**Work to be completed**
In the records below, find the line that contains "Lemma forced_sym x0" and the line that contains "[/\ adj a x, adj". Set down exactly those lines and every line between them, and nothing more.

**Source data**
╭──

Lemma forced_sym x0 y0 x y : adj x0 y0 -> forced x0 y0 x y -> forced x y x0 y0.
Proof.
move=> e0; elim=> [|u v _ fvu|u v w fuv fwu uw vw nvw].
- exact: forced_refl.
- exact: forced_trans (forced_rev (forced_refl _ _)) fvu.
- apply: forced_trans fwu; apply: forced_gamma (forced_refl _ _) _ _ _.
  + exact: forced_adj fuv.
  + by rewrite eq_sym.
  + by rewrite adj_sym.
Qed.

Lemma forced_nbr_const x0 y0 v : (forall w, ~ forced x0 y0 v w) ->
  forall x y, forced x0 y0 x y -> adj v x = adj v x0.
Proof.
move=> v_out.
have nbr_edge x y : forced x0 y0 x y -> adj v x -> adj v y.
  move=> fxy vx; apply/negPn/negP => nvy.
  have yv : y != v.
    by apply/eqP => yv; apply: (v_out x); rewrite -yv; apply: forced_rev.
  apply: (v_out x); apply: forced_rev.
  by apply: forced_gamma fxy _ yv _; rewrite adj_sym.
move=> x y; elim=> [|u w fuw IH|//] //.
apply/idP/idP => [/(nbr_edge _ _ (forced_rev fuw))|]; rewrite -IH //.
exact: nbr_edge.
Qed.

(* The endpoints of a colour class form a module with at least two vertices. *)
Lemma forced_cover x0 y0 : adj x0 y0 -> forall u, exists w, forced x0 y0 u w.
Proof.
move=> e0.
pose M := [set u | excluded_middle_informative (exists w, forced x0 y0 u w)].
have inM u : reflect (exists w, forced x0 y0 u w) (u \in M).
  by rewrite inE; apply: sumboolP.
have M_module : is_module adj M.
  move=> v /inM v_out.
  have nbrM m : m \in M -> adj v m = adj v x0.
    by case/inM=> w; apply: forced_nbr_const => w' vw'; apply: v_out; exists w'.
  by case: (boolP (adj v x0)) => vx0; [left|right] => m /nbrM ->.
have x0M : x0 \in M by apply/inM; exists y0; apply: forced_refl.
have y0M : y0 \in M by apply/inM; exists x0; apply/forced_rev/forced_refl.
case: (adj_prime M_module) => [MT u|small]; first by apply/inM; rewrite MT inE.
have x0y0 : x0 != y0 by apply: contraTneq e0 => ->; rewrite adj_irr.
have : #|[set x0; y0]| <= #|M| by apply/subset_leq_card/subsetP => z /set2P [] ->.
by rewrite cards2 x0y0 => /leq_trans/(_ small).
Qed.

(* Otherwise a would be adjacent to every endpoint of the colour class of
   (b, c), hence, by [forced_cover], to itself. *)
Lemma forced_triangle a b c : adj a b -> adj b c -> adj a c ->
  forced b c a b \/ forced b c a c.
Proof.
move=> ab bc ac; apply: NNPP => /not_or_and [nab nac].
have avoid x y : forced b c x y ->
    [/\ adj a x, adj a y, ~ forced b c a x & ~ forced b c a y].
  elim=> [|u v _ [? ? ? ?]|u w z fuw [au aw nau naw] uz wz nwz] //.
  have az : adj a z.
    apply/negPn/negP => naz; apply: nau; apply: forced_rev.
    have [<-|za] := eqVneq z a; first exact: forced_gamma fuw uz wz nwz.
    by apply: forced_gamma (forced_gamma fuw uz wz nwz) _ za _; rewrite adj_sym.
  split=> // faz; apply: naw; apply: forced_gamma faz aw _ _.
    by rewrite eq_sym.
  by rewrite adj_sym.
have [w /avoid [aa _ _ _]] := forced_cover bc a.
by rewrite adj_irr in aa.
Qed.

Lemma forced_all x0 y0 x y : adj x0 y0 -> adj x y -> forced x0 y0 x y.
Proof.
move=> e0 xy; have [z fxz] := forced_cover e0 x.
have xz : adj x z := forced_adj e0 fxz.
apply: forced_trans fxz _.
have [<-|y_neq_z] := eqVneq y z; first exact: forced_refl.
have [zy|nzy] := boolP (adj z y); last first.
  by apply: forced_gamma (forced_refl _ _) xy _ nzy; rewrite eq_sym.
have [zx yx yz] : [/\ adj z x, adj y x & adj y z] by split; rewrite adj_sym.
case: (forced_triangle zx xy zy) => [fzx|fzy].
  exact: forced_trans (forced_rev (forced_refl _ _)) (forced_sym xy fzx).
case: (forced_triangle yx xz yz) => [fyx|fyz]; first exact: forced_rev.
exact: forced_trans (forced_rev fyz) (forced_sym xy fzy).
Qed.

╰──
╭──

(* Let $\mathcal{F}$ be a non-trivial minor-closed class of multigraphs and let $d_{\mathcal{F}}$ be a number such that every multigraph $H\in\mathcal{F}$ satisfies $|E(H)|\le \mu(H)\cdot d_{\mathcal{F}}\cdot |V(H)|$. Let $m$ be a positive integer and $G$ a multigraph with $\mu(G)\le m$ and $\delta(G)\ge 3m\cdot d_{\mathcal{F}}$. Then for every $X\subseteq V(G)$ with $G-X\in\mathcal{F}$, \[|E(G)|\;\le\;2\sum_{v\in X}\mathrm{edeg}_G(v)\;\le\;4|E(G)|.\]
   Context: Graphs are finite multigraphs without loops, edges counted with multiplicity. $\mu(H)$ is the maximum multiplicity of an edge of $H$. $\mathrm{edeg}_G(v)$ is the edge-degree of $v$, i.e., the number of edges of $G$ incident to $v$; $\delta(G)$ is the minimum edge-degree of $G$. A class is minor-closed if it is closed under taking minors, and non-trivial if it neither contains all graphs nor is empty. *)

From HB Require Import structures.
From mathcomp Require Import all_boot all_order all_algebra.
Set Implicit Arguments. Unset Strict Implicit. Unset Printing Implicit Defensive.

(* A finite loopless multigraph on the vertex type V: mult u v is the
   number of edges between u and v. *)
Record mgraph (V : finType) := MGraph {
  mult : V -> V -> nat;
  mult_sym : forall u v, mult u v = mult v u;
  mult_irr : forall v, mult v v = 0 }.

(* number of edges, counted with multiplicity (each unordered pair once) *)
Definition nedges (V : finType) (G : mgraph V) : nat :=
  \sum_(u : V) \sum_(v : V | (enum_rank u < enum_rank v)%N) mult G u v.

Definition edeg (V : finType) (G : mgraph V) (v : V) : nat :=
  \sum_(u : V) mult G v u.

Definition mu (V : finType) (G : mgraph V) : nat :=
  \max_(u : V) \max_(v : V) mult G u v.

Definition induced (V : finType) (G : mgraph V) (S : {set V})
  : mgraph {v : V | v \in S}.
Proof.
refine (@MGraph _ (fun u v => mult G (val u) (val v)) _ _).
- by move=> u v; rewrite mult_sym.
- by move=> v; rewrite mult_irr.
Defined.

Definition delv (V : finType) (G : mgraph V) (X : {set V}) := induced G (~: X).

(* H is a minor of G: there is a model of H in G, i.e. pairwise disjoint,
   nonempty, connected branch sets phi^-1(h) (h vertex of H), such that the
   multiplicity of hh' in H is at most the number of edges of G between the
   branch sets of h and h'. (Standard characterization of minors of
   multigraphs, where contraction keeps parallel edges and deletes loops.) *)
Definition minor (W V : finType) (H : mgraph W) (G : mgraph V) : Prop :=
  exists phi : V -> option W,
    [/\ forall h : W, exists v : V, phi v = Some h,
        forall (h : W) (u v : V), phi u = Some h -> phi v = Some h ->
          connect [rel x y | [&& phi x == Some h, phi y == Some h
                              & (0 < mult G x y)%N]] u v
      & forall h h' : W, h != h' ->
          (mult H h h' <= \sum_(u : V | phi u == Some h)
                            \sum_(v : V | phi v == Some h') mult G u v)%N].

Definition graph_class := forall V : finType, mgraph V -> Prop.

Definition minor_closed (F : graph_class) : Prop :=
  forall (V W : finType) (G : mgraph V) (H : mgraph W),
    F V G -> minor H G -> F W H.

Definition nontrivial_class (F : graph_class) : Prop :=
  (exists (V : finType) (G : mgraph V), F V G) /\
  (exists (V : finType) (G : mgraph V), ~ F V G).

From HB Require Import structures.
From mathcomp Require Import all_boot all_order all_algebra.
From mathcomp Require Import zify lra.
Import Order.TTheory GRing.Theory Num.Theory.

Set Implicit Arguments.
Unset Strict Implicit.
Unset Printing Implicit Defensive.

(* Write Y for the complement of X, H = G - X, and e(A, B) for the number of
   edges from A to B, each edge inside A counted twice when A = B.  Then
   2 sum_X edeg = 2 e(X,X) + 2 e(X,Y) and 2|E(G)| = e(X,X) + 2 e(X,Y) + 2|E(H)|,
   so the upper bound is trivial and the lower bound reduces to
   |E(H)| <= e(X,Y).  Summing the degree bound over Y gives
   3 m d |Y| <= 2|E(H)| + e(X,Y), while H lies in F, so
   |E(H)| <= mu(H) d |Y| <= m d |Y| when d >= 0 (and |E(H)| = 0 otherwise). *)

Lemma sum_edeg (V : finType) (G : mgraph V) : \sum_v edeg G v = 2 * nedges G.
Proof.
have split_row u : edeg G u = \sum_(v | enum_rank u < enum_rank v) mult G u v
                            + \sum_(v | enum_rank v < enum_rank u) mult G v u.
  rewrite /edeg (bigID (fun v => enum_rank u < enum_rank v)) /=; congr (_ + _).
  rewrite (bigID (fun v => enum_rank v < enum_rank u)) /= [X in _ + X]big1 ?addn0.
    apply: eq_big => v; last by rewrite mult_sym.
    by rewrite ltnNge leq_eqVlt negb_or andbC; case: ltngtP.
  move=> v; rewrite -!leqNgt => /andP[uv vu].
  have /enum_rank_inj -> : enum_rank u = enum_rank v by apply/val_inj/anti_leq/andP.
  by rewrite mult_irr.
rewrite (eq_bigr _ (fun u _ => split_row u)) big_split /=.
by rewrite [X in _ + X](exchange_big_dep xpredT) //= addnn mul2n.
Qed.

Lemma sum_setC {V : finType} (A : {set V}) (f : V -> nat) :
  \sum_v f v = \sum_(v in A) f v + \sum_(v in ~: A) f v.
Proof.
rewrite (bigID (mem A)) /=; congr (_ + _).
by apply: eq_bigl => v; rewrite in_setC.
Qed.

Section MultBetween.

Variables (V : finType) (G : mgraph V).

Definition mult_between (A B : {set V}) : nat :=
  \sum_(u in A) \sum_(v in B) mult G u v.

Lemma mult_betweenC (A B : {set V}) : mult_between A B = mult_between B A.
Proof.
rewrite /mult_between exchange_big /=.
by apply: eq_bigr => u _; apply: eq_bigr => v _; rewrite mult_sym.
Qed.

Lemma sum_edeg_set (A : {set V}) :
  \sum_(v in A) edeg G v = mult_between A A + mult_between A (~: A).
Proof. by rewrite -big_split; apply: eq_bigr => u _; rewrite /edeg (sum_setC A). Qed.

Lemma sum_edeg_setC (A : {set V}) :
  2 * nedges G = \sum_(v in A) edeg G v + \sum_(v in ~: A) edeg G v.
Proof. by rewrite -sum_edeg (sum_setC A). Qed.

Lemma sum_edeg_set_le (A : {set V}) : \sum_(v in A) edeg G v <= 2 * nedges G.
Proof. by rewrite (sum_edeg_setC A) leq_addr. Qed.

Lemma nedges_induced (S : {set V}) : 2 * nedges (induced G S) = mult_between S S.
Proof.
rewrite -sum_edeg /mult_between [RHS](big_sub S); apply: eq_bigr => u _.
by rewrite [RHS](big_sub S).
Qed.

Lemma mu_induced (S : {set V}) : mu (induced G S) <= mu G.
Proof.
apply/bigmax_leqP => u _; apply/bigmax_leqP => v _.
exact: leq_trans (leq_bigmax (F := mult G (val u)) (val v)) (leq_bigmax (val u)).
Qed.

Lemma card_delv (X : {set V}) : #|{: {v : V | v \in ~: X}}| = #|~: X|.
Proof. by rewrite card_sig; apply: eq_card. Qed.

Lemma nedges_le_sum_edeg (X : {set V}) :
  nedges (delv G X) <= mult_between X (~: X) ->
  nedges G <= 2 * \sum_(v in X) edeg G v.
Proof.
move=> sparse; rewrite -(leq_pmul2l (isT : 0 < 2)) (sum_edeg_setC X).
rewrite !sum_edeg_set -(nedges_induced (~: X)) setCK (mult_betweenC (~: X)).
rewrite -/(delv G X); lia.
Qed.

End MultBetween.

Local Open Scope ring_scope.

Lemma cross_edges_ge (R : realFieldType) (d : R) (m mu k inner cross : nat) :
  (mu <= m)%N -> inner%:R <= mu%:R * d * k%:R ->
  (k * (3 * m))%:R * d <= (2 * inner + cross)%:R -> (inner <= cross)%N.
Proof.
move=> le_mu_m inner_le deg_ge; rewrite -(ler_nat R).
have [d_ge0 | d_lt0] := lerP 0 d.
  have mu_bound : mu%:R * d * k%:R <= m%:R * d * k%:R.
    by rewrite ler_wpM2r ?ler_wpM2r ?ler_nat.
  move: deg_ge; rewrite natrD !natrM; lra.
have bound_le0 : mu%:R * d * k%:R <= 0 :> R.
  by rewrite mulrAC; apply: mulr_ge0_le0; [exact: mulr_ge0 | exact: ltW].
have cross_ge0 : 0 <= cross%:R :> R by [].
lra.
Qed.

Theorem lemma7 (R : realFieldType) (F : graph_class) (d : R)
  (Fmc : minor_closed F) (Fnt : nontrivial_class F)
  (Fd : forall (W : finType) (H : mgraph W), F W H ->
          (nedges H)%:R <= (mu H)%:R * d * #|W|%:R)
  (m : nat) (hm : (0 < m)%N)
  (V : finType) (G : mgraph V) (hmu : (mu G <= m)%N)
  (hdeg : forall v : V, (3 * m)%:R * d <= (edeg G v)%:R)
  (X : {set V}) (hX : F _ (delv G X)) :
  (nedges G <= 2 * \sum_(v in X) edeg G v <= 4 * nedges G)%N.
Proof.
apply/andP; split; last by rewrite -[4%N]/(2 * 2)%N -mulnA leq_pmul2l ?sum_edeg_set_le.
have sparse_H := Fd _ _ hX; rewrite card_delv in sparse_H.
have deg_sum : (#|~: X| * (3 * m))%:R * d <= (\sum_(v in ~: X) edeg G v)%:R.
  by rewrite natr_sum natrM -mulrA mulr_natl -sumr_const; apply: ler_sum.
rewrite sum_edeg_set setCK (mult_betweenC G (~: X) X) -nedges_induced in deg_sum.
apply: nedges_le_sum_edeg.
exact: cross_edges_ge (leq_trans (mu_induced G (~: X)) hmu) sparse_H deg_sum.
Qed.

╰──

**Response area**
Lemma forced_sym x0 y0 x y : adj x0 y0 -> forced x0 y0 x y -> forced x y x0 y0.
Proof.
move=> e0; elim=> [|u v _ fvu|u v w fuv fwu uw vw nvw].
- exact: forced_refl.
- exact: forced_trans (forced_rev (forced_refl _ _)) fvu.
- apply: forced_trans fwu; apply: forced_gamma (forced_refl _ _) _ _ _.
  + exact: forced_adj fuv.
  + by rewrite eq_sym.
  + by rewrite adj_sym.
Qed.

Lemma forced_nbr_const x0 y0 v : (forall w, ~ forced x0 y0 v w) ->
  forall x y, forced x0 y0 x y -> adj v x = adj v x0.
Proof.
move=> v_out.
have nbr_edge x y : forced x0 y0 x y -> adj v x -> adj v y.
  move=> fxy vx; apply/negPn/negP => nvy.
  have yv : y != v.
    by apply/eqP => yv; apply: (v_out x); rewrite -yv; apply: forced_rev.
  apply: (v_out x); apply: forced_rev.
  by apply: forced_gamma fxy _ yv _; rewrite adj_sym.
move=> x y; elim=> [|u w fuw IH|//] //.
apply/idP/idP => [/(nbr_edge _ _ (forced_rev fuw))|]; rewrite -IH //.
exact: nbr_edge.
Qed.

(* The endpoints of a colour class form a module with at least two vertices. *)
Lemma forced_cover x0 y0 : adj x0 y0 -> forall u, exists w, forced x0 y0 u w.
Proof.
move=> e0.
pose M := [set u | excluded_middle_informative (exists w, forced x0 y0 u w)].
have inM u : reflect (exists w, forced x0 y0 u w) (u \in M).
  by rewrite inE; apply: sumboolP.
have M_module : is_module adj M.
  move=> v /inM v_out.
  have nbrM m : m \in M -> adj v m = adj v x0.
    by case/inM=> w; apply: forced_nbr_const => w' vw'; apply: v_out; exists w'.
  by case: (boolP (adj v x0)) => vx0; [left|right] => m /nbrM ->.
have x0M : x0 \in M by apply/inM; exists y0; apply: forced_refl.
have y0M : y0 \in M by apply/inM; exists x0; apply/forced_rev/forced_refl.
case: (adj_prime M_module) => [MT u|small]; first by apply/inM; rewrite MT inE.
have x0y0 : x0 != y0 by apply: contraTneq e0 => ->; rewrite adj_irr.
have : #|[set x0; y0]| <= #|M| by apply/subset_leq_card/subsetP => z /set2P [] ->.
by rewrite cards2 x0y0 => /leq_trans/(_ small).
Qed.

(* Otherwise a would be adjacent to every endpoint of the colour class of
   (b, c), hence, by [forced_cover], to itself. *)
Lemma forced_triangle a b c : adj a b -> adj b c -> adj a c ->
  forced b c a b \/ forced b c a c.
Proof.
move=> ab bc ac; apply: NNPP => /not_or_and [nab nac].
have avoid x y : forced b c x y ->
    [/\ adj a x, adj a y, ~ forced b c a x & ~ forced b c a y].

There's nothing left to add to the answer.